Run #velocity-sync or /velocity-sync at the start of each session or after significant changes. This keeps CONTEXT.md and ARCHITECTURE.md accurate so agents aren't working from outdated assumptions.


Command Palette Reference

Open the Command Palette (⌘⇧P / Ctrl⇧P) and type Velocity:

Command What it does
Velocity: Initialize workspace Copies entry skill files into your repo and opens AI Chat
Velocity: Install plugin entry files Lets you pick Copilot or Cursor and installs the matching entry files
Velocity: Generate local install bundle Creates a velocity-local-install/ folder you can share with your team
Velocity: Open documentation Opens this README

System Requirements

  • VS Code 1.90 or later, or Cursor
  • GitHub Copilot Chat or Cursor AI Chat
  • A git repository (any language or framework)

Example: building a feature end-to-end

Starting out

  1. Open AI Chat and run /velocity (Cursor or Claude Code) or #velocity (Copilot). The Smart Router checks your recent git history and open issues, then asks three questions to figure out the right work type.
  2. It picks a pipeline variant — New Feature, say — and starts the first phase. State is saved to .velocity/sdlc/state/ on your branch.

Discovery and design

  1. Each phase opens with up to five questions, each with a suggested answer. Accept the defaults to move fast, or fill in your own. Anything left unanswered is noted as an assumption in the phase output.
  2. The Design phase produces an architecture doc. At the review gate you see what was built, what decisions were made, and what needs your sign-off. Approve to move on.

Building

  1. The Engineer agent runs /tdd per task — failing test first, then the implementation. The automated gate runs feedback-loop checks before the phase closes.
  2. For anything that needs more thought, /grill-with-docs works through the requirement with you until it's clear.

Validating and merging

  1. #velocity-validate checks that the implementation covers your requirements and flags anything missing.
  2. Guardrail hooks run throughout. If the agent produces something unsafe or out of spec, it stops and waits for the issue to be fixed.
  3. Optionally rate the output at each review gate. After five ratings, Consumer RALPH starts suggesting improvements to your local skill files.

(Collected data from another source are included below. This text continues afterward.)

Definition prodc (c : nat -> nat) := forall n, 'I_(c n).
Definition slalom (c : nat -> nat) := forall n, {set 'I_(c n)}.
Definition in_S (c h : nat -> nat) (phi : slalom c) : Prop :=
  forall n, (#|phi n| <= h n)%N.
Definition inf_often_in (c : nat -> nat) (x : prodc c) (phi : slalom c) : Prop :=
  forall m, exists n, (m <= n)%N /\ x n \in phi n.

(* intervals I_n = [sum_{i<n} h i, sum_{i<=n} h i) ; block_of h k = n with k in I_n *)
Definition block_of (h : nat -> nat) (k : nat) : nat :=
  match pselect (exists n, k < \sum_(i < n.+1) h i)%N with
  | left H => ex_minn H
  | right _ => 0%N
  end.
Definition gch (c h : nat -> nat) (k : nat) : nat := trunc_log 2 (c (block_of h k)).

From HB Require Import structures.
From mathcomp Require Import all_boot all_order all_algebra.
From mathcomp Require Import all_classical all_reals all_analysis.
From mathcomp Require Import ring lra.
Import Order.TTheory GRing.Theory Num.Theory.
Local Open Scope classical_set_scope.
Local Open Scope ring_scope.

(* Let F z n in c(n) code the first floor(log2 c(n)) bits of z.  Given phi in
   S(c,h), attach the at most h(n) elements of phi n to distinct points of the
   block I_n; the point k then carries a cylinder of length g_{c,h}(k), whose
   e^*-weight 2^-e(g_{c,h}(k)) is at most 1/k^2 by the growth hypothesis.  If
   F z is infinitely often in phi, z lies in infinitely many of these
   cylinders, so for every K the cylinders of index >= K cover it, with total
   weight <= 1/(K-1).  Hence {z | F z in^oo phi} is e^*-null: F witnesses the
   first inequality, and these null sets for phi in Phi witness the second. *)

Section PowersOfTwo.
Variable R : realType.
Implicit Types (m n : nat) (t : R).

Lemma expr2N_natE n : (2%:R : R) ^- n = (2 ^ n)%:R^-1.
Proof. by rewrite natrX. Qed.

Lemma expr2N_gt0 n : 0 < (2%:R : R) ^- n.
Proof. by rewrite invr_gt0 exprn_gt0. Qed.

Lemma ltr_expr2N m n : ((2%:R : R) ^- m < 2%:R ^- n) = (n < m)%N.
Proof.
by rewrite !expr2N_natE ltf_pV2 ?ltr_nat ?ltn_exp2l // posrE ltr0n expn_gt0.
Qed.

Lemma ler_expr2N m n : ((2%:R : R) ^- m <= 2%:R ^- n) = (n <= m)%N.
Proof.
by rewrite !expr2N_natE lef_pV2 ?ler_nat ?leq_exp2l // posrE ltr0n expn_gt0.
Qed.

Lemma expr2N_lt {t} : 0 < t -> exists n, (2%:R : R) ^- n < t.
Proof.
move=> t0; exists (Num.Def.archi_bound t^-1).
rewrite -[X in _ < X]invrK expr2N_natE ltf_pV2 ?posrE ?invr_gt0 ?ltr0n ?expn_gt0 //.
apply: (lt_le_trans (archi_boundP _)); first by rewrite invr_ge0 ltW.
by rewrite ler_nat ltnW // ltn_expl.
Qed.
(* Let $X$ be a shift space over $\mathcal{A}$, $\sigma:\mathcal{A}^*\to\mathcal{B}^*$ an injective and strongly left proper morphism with first letter $\ell$, $Y$ the image of $X$ under $\sigma$ and $v\in\mathcal{L}(X)$. A word $u$ is a bispecial extended image of $v$ if and only if there exist $(a_1,b_1),(a_2,b_2)\in E_X(v)$ with $a_1\ne a_2$, $b_1\ne b_2$ and $u=s(a_1,a_2)\,\sigma(v)\,p(b_1,b_2)$. In particular, the antecedent $v$ of a bispecial word $u\in\mathcal{L}(Y)$ is bispecial in $X$.
   Context: A shift space over a finite alphabet $\mathcal{A}$ is a closed shift-invariant $X\subseteq\mathcal{A}^{\mathbb{Z}}$ in which all letters occur; $\mathcal{L}(X)$ is its set of finite factors. For $w\in\mathcal{L}(X)$: $E^-_X(w)=\{a: aw\in\mathcal{L}(X)\}$, $E^+_X(w)=\{b:wb\in\mathcal{L}(X)\}$, $E_X(w)=\{(a,b):awb\in\mathcal{L}(X)\}$; $w$ is bispecial if $\#E^-_X(w)\ge2$ and $\#E^+_X(w)\ge2$. Morphisms are non-erasing; $\sigma$ is strongly left proper with first letter $\ell$ if every $\sigma(a)$ starts with $\ell$ and contains exactly one occurrence of $\ell$. The image of $X$ under $\sigma$ is $Y=\{S^k\sigma(x):x\in X,0\le k<|\sigma(x_0)|\}$. For $a_1,a_2\in\mathcal{A}$, $s(a_1,a_2)$ (resp. $p(a_1,a_2)$) is the longest common suffix (resp. prefix) of $\sigma(a_1)$ and $\sigma(a_2)$. Fact (antecedents): for every non-empty $u\in\mathcal{L}(Y)$ containing $\ell$ there is a unique triple $(s,v,p)$ with $v\in\mathcal{L}(X)$, $u=s\sigma(v)p$, such that for some $(a,b)\in E_X(v)$, $s$ is a proper suffix of $\sigma(a)$ and $p$ is a non-empty prefix of $\sigma(b)$. Then $v$ is called the antecedent of $u$ and $u$ an extended image of $v$ (extended images always contain $\ell$). *)

From mathcomp Require Import all_boot all_order all_algebra.
Set Implicit Arguments. Unset Strict Implicit. Unset Printing Implicit Defensive.
Import GRing.Theory Num.Theory.
Local Open Scope ring_scope.

Section Defs.
Variables (A B : finType).

Definition shift (x : int -> A) : int -> A := fun i => x (i + 1).

Definition factor_at (T : Type) (x : int -> T) (i : int) (n : nat) : seq T :=
  map (fun j : nat => x (i + j%:Z)) (iota 0 n).

(* shift space: closed (product topology), shift-invariant (S X = X),
   and every letter occurs *)
Definition shift_space (X : (int -> A) -> Prop) : Prop :=
  [/\ (forall x, X x <-> X (shift x)),
      (forall x, (forall n : nat, exists y, X y /\
                    forall i : int, (`|i| <= n)%N -> y i = x i) -> X x) &
      (forall a : A, exists x, X x /\ exists i, x i = a)].

Definition lang (T : Type) (X : (int -> T) -> Prop) (w : seq T) : Prop :=
  exists x, X x /\ exists i, w = factor_at x i (size w).

Definition ext_pair (X : (int -> A) -> Prop) (w : seq A) (a b : A) : Prop :=
  lang X (a :: rcons w b).

Definition sigma_word (sigma : A -> seq B) (w : seq A) : seq B :=
  flatten (map sigma w).

Definition non_erasing (sigma : A -> seq B) : Prop :=
  forall a, sigma a != [::].

Definition strongly_left_proper (sigma : A -> seq B) (l : B) : Prop :=
  forall a, (exists w, sigma a = l :: w) /\ count_mem l (sigma a) = 1%N.

(* position of the block sigma(x_n) inside sigma(x); sigma(x_0) starts at 0 *)
Definition pos (sigma : A -> seq B) (x : int -> A) (n : int) : int :=
  match n with
  | Posz m => (\sum_(i < m) size (sigma (x (Posz i))))%:Z
  | Negz m => - (\sum_(i < m.+1) size (sigma (x (Negz i))))%:Z
  end.

(* z is the bi-infinite word sigma(x) *)
Definition is_sigma_img (sigma : A -> seq B) (x : int -> A) (z : int -> B) : Prop :=
  forall n : int, factor_at z (pos sigma x n) (size (sigma (x n))) = sigma (x n).

Definition image_space (X : (int -> A) -> Prop) (sigma : A -> seq B)
  (y : int -> B) : Prop :=
  exists x z (k : nat), [/\ X x, is_sigma_img sigma x z,
     (k < size (sigma (x 0)))%N & forall i, y i = z (i + k%:Z)].

Definition ext_image (X : (int -> A) -> Prop) (sigma : A -> seq B) (l : B)
  (u : seq B) (v : seq A) : Prop :=
  [/\ lang (image_space X sigma) u, u != [::], l \in u &
    exists (s p : seq B) (a b : A),
      [/\ lang X v, ext_pair X v a b,
          suffix s (sigma a) && (size s < size (sigma a))%N,
          prefix p (sigma b) && (p != [::]) &
          u = s ++ sigma_word sigma v ++ p]].
End Defs.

End result: a feature delivered with tests, validated requirements, a full change log, and no hardcoded secrets — driven by your AI assistant, kept on track by Velocity.


FAQ

Does Velocity send data anywhere? No. Everything stays in your repo. Velocity writes local files only — no network calls.

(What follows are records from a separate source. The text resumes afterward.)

(* Let $S=\langle n_1,n_2,n_3,n_4\rangle$ be a pseudo-symmetric numerical semigroup with embedding dimension $4$, with generators labeled so that the (unique) RF-matrix of $F(S)/2$ is $$\mathrm{RF}(F(S)/2)=\begin{pmatrix} -1 & \alpha_2-1 & 0 & 0\\ 0 & -1 & \alpha_3-1 & 0\\ \alpha_1-1 & 0 & -1 & \alpha_4-1\\ \alpha_1-1 & a & 0 & -1\end{pmatrix}$$ for some non-negative integer $a$ (such a labeling always exists). Then every $n_i$ is odd if and only if one of the following holds: 1) $F(S)/2$ is odd and every row of $\mathrm{RF}(F(S)/2)$ is odd; 2) $F(S)/2$ is even and every row of $\mathrm{RF}(F(S)/2)$ is even.
   Context: $F(S)=\max(\mathbb{Z}\setminus S)$. A pseudo-Frobenius number of $S$ is an integer $f\notin S$ with $f+s\in S$ for all $s\in S\setminus\{0\}$; $S$ is pseudo-symmetric if its set of pseudo-Frobenius numbers is $\{F(S)/2,F(S)\}$. For $S$ minimally generated by $n_1,\dots,n_4$, $\alpha_i$ is the least positive integer such that $\alpha_in_i$ is a non-negative integer combination of the $n_j$, $j\ne i$. For a pseudo-Frobenius number $f$, an RF-matrix of $f$ is a $4\times4$ integer matrix $(a_{ij})$ with $a_{ii}=-1$, $a_{ij}\geq 0$ for $i\neq j$, and $f=\sum_{j=1}^4 a_{ij}n_j$ for every $i$. The $i$-th row is called even (resp. odd) if $\sum_{j=1}^4 a_{ij}$ is even (resp. odd). *)

From HB Require Import structures.
From mathcomp Require Import all_boot all_order all_algebra.
Set Implicit Arguments. Unset Strict Implicit. Unset Printing Implicit Defensive.
Import Order.TTheory GRing.Theory Num.Theory.
Local Open Scope ring_scope.

Definition inS (n : 'I_4 -> nat) (x : int) : Prop :=
  exists c : 'I_4 -> nat, x = ((\sum_(j < 4) c j * n j)%N)%:Z.

Definition in_others (n : 'I_4 -> nat) (i : 'I_4) (m : nat) : Prop :=
  exists c : 'I_4 -> nat, c i = 0%N /\ m = (\sum_(j < 4) c j * n j)%N.

(* S is a numerical semigroup: Z \ S is finite (equivalently, S contains
   all sufficiently large integers; negatives are never in S). *)
Definition numerical (n : 'I_4 -> nat) : Prop :=
  exists b : int, forall x : int, b <= x -> inS n x.

Definition minimally_generated (n : 'I_4 -> nat) : Prop :=
  forall i : 'I_4, ~ in_others n i (n i).

Definition is_frobenius (n : 'I_4 -> nat) (F : int) : Prop :=
  ~ inS n F /\ forall x : int, F < x -> inS n x.

Definition pseudo_frobenius (n : 'I_4 -> nat) (f : int) : Prop :=
  ~ inS n f /\ forall s : nat, (0 < s)%N -> inS n s%:Z -> inS n (f + s%:Z).

Definition is_alpha (n : 'I_4 -> nat) (i : 'I_4) (k : nat) : Prop :=
  [/\ (0 < k)%N, in_others n i (k * n i)%N &
      forall k' : nat, (0 < k')%N -> (k' < k)%N -> ~ in_others n i (k' * n i)%N].

Definition RF_matrix (n : 'I_4 -> nat) (f : int) (A : 'M[int]_4) : Prop :=
  forall i : 'I_4,
    [/\ A i i = -1,
        forall j : 'I_4, i != j -> 0 <= A i j
      & f = \sum_(j < 4) A i j * (n j)%:Z].

Definition row_sum (A : 'M[int]_4) (i : 'I_4) : int := \sum_(j < 4) A i j.
Definition row_even (A : 'M[int]_4) (i : 'I_4) : bool := (2 %| row_sum A i)%Z.
Definition row_odd (A : 'M[int]_4) (i : 'I_4) : bool := ~~ row_even A i.

(* The matrix
    [ -1      al2-1  0      0     ]
    [  0      -1     al3-1  0     ]
    [ al1-1   0      -1     al4-1 ]
    [ al1-1   a      0      -1    ]
   where al_{k+1} = al (inord k) (paper's 1-based index k+1 = our index k). *)
Definition RF_pattern (al : 'I_4 -> nat) (a : nat) : 'M[int]_4 :=
  \matrix_(i < 4, j < 4)
    let alz (k : nat) : int := (al (inord k))%:Z - 1 in
    match val i, val j with
    | 0, 0 => -1 | 0, 1 => alz 1%N | 0, _ => 0
    | 1, 1 => -1 | 1, 2 => alz 2%N | 1, _ => 0
    | 2, 0 => alz 0%N | 2, 2 => -1 | 2, 3 => alz 3%N | 2, _ => 0
    | _, 0 => alz 0%N | _, 1 => a%:Z | _, 3 => -1 | _, _ => 0
    end.

From HB Require Import structures.
From mathcomp Require Import all_boot all_order all_algebra.
From mathcomp Require Import ring.
Import Order.TTheory GRing.Theory Num.Theory.
Local Open Scope ring_scope.

(** Reduce everything modulo 2, writing [y_j] for the parity of [n_j - 1].
    Each row [h = sum_j A_ij n_j] of an RF-matrix gives
    [h - rowsum_i = sum_j A_ij y_j (mod 2)]. Hence if all [n_j] are odd, every
    row sum has the parity of [h], which is exactly the stated disjunction.
    Conversely, if all row sums have the parity of [h], then [y] lies in the
    kernel of the pattern matrix mod 2 and its row sums agree; for this
    pattern that forces [y] to be constant, and [y = 1] (all [n_j] even) is
    impossible since a numerical semigroup contains odd integers. Only the
    RF-equations of [F(S)/2] and numericity are needed. *)

Local Notation par z := (z%:~R : 'F_2).
Local Notation i1 := (lift ord0 (ord0 : 'I_3)).
Local Notation i2 := (lift ord0 (lift ord0 (ord0 : 'I_2))).
Local Notation i3 := (lift ord0 (lift ord0 (lift ord0 (ord0 : 'I_1)))).

Lemma forall_ord4 (P : 'I_4 -> Prop) :
  P ord0 -> P i1 -> P i2 -> P i3 -> forall i, P i.
Proof.
move=> P0 P1 P2 P3 [[|[|[|[|k]]]] lt_i4] //.
- by rewrite (_ : Ordinal _ = ord0) //; apply: val_inj.
- by rewrite (_ : Ordinal _ = i1) //; apply: val_inj.
- by rewrite (_ : Ordinal _ = i2) //; apply: val_inj.
- by rewrite (_ : Ordinal _ = i3) //; apply: val_inj.
Qed.

Lemma F2_cases (x : 'F_2) : x = 0 \/ x = 1.
Proof. by case: x => [[|[|k]]] //= lt_k2; [left|right]; apply/val_inj. Qed.

Lemma F2_neq0 (x : 'F_2) : (x != 0) = (x == 1).
Proof. by case: (F2_cases x) => ->. Qed.

Lemma dvdz2_F2 (z : int) : (2 %| z)%Z = (par z == 0).
Proof.
have char2 : (2 \in [pchar 'F_2])%N by apply: pchar_Fp.
by case: z => k; rewrite ?NegzE ?mulrNz ?oppr_eq0 pmulrn -(dvdn_pcharf char2).
Qed.

Lemma odd_F2 (k : nat) : odd k = (k%:R != 0 :> 'F_2).
Proof.
by rewrite -[k%:R]pmulrn -(dvdz2_F2 k) -[(2 %| _)%Z]/(2 %| k)%N dvdn2 negbK.
Qed.

Lemma numerical_odd_generator {n : 'I_4 -> nat} :
  numerical n -> exists i, odd (n i).
Proof.
case=> b inS_ge_b; have [|c Ec] := inS_ge_b ((2 * `|b|).+1)%:Z.
  rewrite (le_trans (ler_norm b)) // -abszE lez_nat.
  by rewrite mul2n -addnn leqW ?leq_addl.
suff /existsP[i odd_ni] : [exists i, odd (n i)] by exists i.
apply: contraT => /existsPn all_even.
have : (2 %| \sum_(j < 4) c j * n j)%N.
  by apply: dvdn_sum => j _; apply: dvdn_mull; rewrite dvdn2 all_even.
by case: Ec => <-; rewrite dvdn2 /= oddM.
Qed.

Lemma RF_row_sum_gap (R : comNzRingType) {n : 'I_4 -> nat} {f : int}
    {A : 'M[int]_4} (i : 'I_4) :
  RF_matrix n f A ->
  f%:~R - (row_sum A i)%:~R = \sum_j (A i j)%:~R * ((n j)%:R - 1) :> R.
Proof.
case/(_ i) => _ _ ->; rewrite /row_sum !rmorph_sum -sumrB.
by apply: eq_bigr => j _; rewrite rmorphM /= -pmulrn mulrBr mulr1.
Qed.

Lemma RF_row_sum_parity_of_odd (n : 'I_4 -> nat) (f : int) (A : 'M[int]_4) :
  RF_matrix n f A -> (forall j, odd (n j)) ->
  forall i, par (row_sum A i) = par f.
Proof.
move=> RFA odd_n i; apply/eqP.
rewrite eq_sym -subr_eq0 (RF_row_sum_gap _ _ RFA).
apply/eqP/big1 => j _; have := odd_n j; rewrite odd_F2 F2_neq0 => /eqP->.
by rewrite subrr mulr0.
Qed.

Lemma row_parities_agreeP (A : 'M[int]_4) (h : int) :
  (forall i, par (row_sum A i) = par h) <->
  ((~~ (2 %| h)%Z /\ forall i, row_odd A i) \/
   ((2 %| h)%Z /\ forall i, row_even A i)).
Proof.
rewrite /row_odd /row_even !dvdz2_F2.
case: (F2_cases (par h)) => ->; rewrite ?oner_eq0 ?eqxx /=; split.
- by move=> sum_even; right; split=> // i; rewrite dvdz2_F2 sum_even.
- by case=> [[]|[_ sum_even]] // i; apply/eqP; rewrite -dvdz2_F2.
- by move=> sum_odd; left; split=> // i; rewrite dvdz2_F2 sum_odd oner_eq0.
- by case=> [[_ sum_odd]|[]] // i; apply/eqP; rewrite -F2_neq0 -dvdz2_F2.
Qed.

Lemma F2_pattern_kernel {b0 b1 b2 b3 c y0 y1 y2 y3 : 'F_2} :
  - y0 + b1 * y1 = 0 -> - y1 + b2 * y2 = 0 ->
  b0 * y0 - y2 + b3 * y3 = 0 -> b0 * y0 + c * y1 - y3 = 0 ->
  - 1 + b1 = - 1 + b2 -> - 1 + b2 = b0 + c - 1 ->
  [/\ y0 = 0, y1 = 0, y2 = 0 & y3 = 0] \/ [/\ y0 = 1, y1 = 1, y2 = 1 & y3 = 1].
Proof.
move=> e0 e1 e2 e3 r01 r13; case: (F2_cases y1) => y1E; rewrite y1E in e0 e1 e3.
- have y0E : y0 = 0 by apply/eqP; rewrite -oppr_eq0 -e0 mulr0 addr0.
  rewrite y0E in e2 e3.
  have y3E : y3 = 0 by apply/eqP; rewrite -oppr_eq0 -e3 !mulr0 !add0r.
  rewrite y3E in e2.
  have y2E : y2 = 0 by apply/eqP; rewrite -oppr_eq0 -e2 !mulr0 add0r addr0.
  by left.
- have b2y2 : b2 * y2 = 1 by apply/eqP; rewrite -subr_eq0 addrC e1.
  have y2E : y2 = 1.
    case: (F2_cases y2) b2y2 => -> //.
    by rewrite mulr0 => /eqP; rewrite eq_sym oner_eq0.
  have b2E : b2 = 1 by rewrite -b2y2 y2E mulr1.
  have b1E : b1 = 1 by apply: (addrI (-1)); rewrite r01 b2E.
  have y0E : y0 = 1 by apply/eqP; rewrite eq_sym -subr_eq0 addrC -e0 b1E mulr1.
  have b0c : b0 + c = 1 by apply: (addIr (-1)); rewrite -r13 b2E addrC.
  have y3E : y3 = 1 by apply/eqP; rewrite eq_sym -subr_eq0 -b0c -e3 y0E !mulr1.
  by right.
Qed.

Lemma RF_pattern_mulE (al : 'I_4 -> nat) (a : nat) (v : 'I_4 -> 'F_2) :
  let P i j := par (RF_pattern al a i j) in
  let b k := par ((al (inord k))%:Z - 1) in
  [/\ \sum_j P ord0 j * v j = - v ord0 + b 1%N * v i1,
      \sum_j P i1 j * v j = - v i1 + b 2%N * v i2,
      \sum_j P i2 j * v j = b 0%N * v ord0 - v i2 + b 3%N * v i3
    & \sum_j P i3 j * v j = b 0%N * v ord0 + a%:R * v i1 - v i3].
Proof.
by rewrite /= !big_ord_recl !big_ord0 /= !mxE /= -pmulrn; split; ring.
Qed.

Lemma RF_pattern_odd_of_row_parities (n al : 'I_4 -> nat) (a : nat) (h : int) :
  numerical n -> RF_matrix n h (RF_pattern al a) ->
  (forall i, par (row_sum (RF_pattern al a) i) = par h) -> forall i, odd (n i).
Proof.
move=> num_n RFh rows_h; set P := RF_pattern al a in RFh rows_h *.
pose y j : 'F_2 := (n j)%:R - 1.
have P_y i : 0 = \sum_j par (P i j) * y j.
  by rewrite -(RF_row_sum_gap _ _ RFh) rows_h subrr.
have P_1 i : par h = \sum_j par (P i j) * 1.
  by rewrite -(rows_h i) rmorph_sum; apply: eq_bigr => j _; rewrite mulr1.
have [e0 e1 e2 e3] := RF_pattern_mulE al a y.
have [r0 r1 _ r3] := RF_pattern_mulE al a (fun=> 1).
rewrite -!P_y in e0 e1 e2 e3; rewrite -!P_1 !mulr1 in r0 r1 r3.
have [[y0 y1 y2 y3]|[y0 y1 y2 y3]] :=
  F2_pattern_kernel (esym e0) (esym e1) (esym e2) (esym e3)
    (etrans (esym r0) r1) (etrans (esym r1) r3).
- apply: forall_ord4;
  by rewrite odd_F2 F2_neq0 -subr_eq0 -/(y _) ?y0 ?y1 ?y2 ?y3.
- have even_n : forall i, (n i)%:R = 0 :> 'F_2.
    have one_add_one : 1 + 1 = 0 :> 'F_2 by apply/eqP.
    apply: forall_ord4;
    by rewrite -[_%:R](subrK 1) -/(y _) ?y0 ?y1 ?y2 ?y3 one_add_one.
  have [i] := numerical_odd_generator num_n.
  by rewrite odd_F2 even_n eqxx.
Qed.

Theorem proposition4p1 (n : 'I_4 -> nat) (al : 'I_4 -> nat) (a : nat)
    (F h : int) :
  numerical n ->
  minimally_generated n ->
  is_frobenius n F ->
  F = 2 * h ->
  (forall f : int, pseudo_frobenius n f <-> (f = h \/ f = F)) ->
  (forall i : 'I_4, is_alpha n i (al i)) ->
  RF_matrix n h (RF_pattern al a) ->
  (forall i : 'I_4, odd (n i)) <->
  ((~~ (2 %| h)%Z /\ forall i : 'I_4, row_odd (RF_pattern al a) i) \/
   ((2 %| h)%Z /\ forall i : 'I_4, row_even (RF_pattern al a) i)).
Proof.
move=> num_n _ _ _ _ _ RFh; rewrite -row_parities_agreeP; split.
- exact: RF_row_sum_parity_of_odd RFh.
- exact: RF_pattern_odd_of_row_parities num_n RFh.
Qed.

Will it overwrite my existing customizations? No. If a file has been customized (more than 20% of lines changed from the bundled version), Velocity skips it and tells you.

How do I update Velocity after it's been initialized? Run #velocity-sync or /velocity-sync in AI Chat. The VS Code extension updates automatically.

Do I need the VS Code extension? It handles file placement automatically. Without it, you'd need to copy the skill files from the GitHub repository manually.